Взглянув на потрепанную одежду фронтового друга, на его расплывшиеся в улыбке толстые губы, Цзян Хуа спросил:

— Старина Мэн, что ты поделывал эти два года?

— И не вспоминай лучше! Прямо ужас! — отвечал тот и, склонившись к самому уху Цзян Хуа, зашептал: — Ищу связь с партией — и ничего не могу добиться. Работал по мелочи, так, где придется: в Бэйпине, в Тяньцзине. Всей душой стремлюсь найти своих — и все никак! Вот тебя, наконец, встретил. Ну, пойдем ко мне, у нас с тобой есть о чем поговорить.

Цзян Хуа колебался. Тогда Мэн Да-хуань серьезно посмотрел на него и сказал:

— Эх, как вспомнишь былые дела, приятно на сердце становится: за несколько дней наша армия тогда освободила Баочан, Долоннор, Гуюань, Чжанбэй[98]!.. Здорово долбанули тогда японцев! А этот каналья Чан Кай-ши… Ты понимаешь, силы нашей Коммунистической партии снова растут! — его маленькие глазки довольно блестели. — Я хочу разыскать… Ты поможешь мне? С кем ты сейчас связан?
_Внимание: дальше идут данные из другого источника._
Lemma sum_by_endpoint (X : edge G -> R) (h : vert G -> R) (s : edge G -> vert G) :
  \sum_v h v * \sum_(e | s e == v) X e = \sum_e h (s e) * X e.
Proof.
under eq_bigr do rewrite mulr_sumr.
rewrite (exchange_big_dep xpredT) //=; apply: eq_bigr => e _.
by rewrite (big_pred1 (s e)) // => v; rewrite /= eq_sym.
Qed.

Lemma pairing_flux_edges f g P : all_valid P ->
  pairing P f (flux g) = \sum_e flux_pairing (fun t => f (pt e t))
                           (fun t => g (pt e t)) 0 (len e) (edge_breaks P e).
Proof.
move=> vP; rewrite /pairing /=.
under eq_bigr do rewrite mulrDr.
rewrite big_split /= !sum_by_endpoint -!big_split /=; apply: eq_bigr => e _.
rewrite /flux_pairing pt_src pt_tgt; congr (_ + _).
rewrite big_seq [RHS]big_seq; apply: eq_bigr => c cP.
by rewrite pt_inner //; apply: edge_breaks_inner cP.
Qed.

Lemma pairing_fluxC f g P : all_valid P -> pw_linear f P -> pw_linear g P ->
  pairing P f (flux g) = pairing P g (flux f).
Proof.
move=> vP fP gP; rewrite !pairing_flux_edges //; apply: eq_bigr => e _.
by apply: flux_pairingC; rewrite ?undup_uniq //;
  [exact: edge_breaks_inner | exact: pw_linear_edge | exact: pw_linear_edge].
Qed.

(* Finitely supported signed measures [sum_i w_i delta_{p_i}], as lists of
   pairs [(w_i, p_i)]. *)
Definition msum m f := \sum_(wp <- m) wp.1 * f wp.2.

Definition mass m x := msum m (fun p => ind R (p = x)).

Definition has_laplacian f m :=
  [/\ all_valid (map snd m), pw_linear f (map snd m)
    & forall x, valid_point x -> flux f x = - mass m x].

Definition dipole (y z : gpoint G) : seq (R * gpoint G) := [:: (1, y); (-1, z)].

Lemma msum_dipole y z f : msum (dipole y z) f = f y - f z.
Proof. by rewrite /msum !big_cons big_nil /= mul1r mulN1r addr0. Qed.

Lemma indT (Q : Prop) : Q -> ind R Q = 1.
Proof. by move=> q; rewrite /ind asboolT. Qed.

Lemma indF (Q : Prop) : ~ Q -> ind R Q = 0.
Proof. by move=> q; rewrite /ind asboolF. Qed.

Lemma ind_PV u v : ind R (PV u = PV v :> gpoint G) = if u == v then 1 else 0.
Proof. by case: eqP => [->|uv]; [rewrite indT | rewrite indF // => -[]]. Qed.

Lemma pairing_lin P f w (a b : gpoint G -> R) :
  pairing P f (fun y => w * a y + b y) = w * pairing P f a + pairing P f b.
Proof.
have lin (I : Type) (r : seq I) (p : I -> gpoint G) :
    \sum_(i <- r) f (p i) * (w * a (p i) + b (p i))
    = w * \sum_(i <- r) f (p i) * a (p i) + \sum_(i <- r) f (p i) * b (p i).
  by rewrite mulr_sumr -big_split; apply: eq_bigr => i _ /=; ring.
rewrite /pairing lin (eq_bigr _ (fun e _ => lin _ _ (PE e))) big_split /= -mulr_sumr.
ring.
Qed.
Как опытный партиец, Цзян Хуа осторожно отнесся к человеку, о котором он так долго ничего не знал. Он улыбнулся и с безразличным видом покачал головой:

— Э-э!.. Я давно уже не занимаюсь этим. У меня нет никаких связей. Я вернулся только что из деревни. Думаю вот заняться чем-нибудь в Бэйпине.

По лицу Мэн Да-хуаня мелькнула тень разочарования, но он тут же расплылся в улыбке, схватил за руку собиравшегося уходить Цзян Хуа и торопливо проговорил:

— Неужели ты?.. Я не могу поверить в это… Однако все равно. Мы, как братья в беде, должны держаться друг друга. Пойдем ко мне, поговорим. — Не обращая внимания на то, что Цзян Хуа вовсе не был расположен идти с ним, он крепко схватил его за руку и повел по улице.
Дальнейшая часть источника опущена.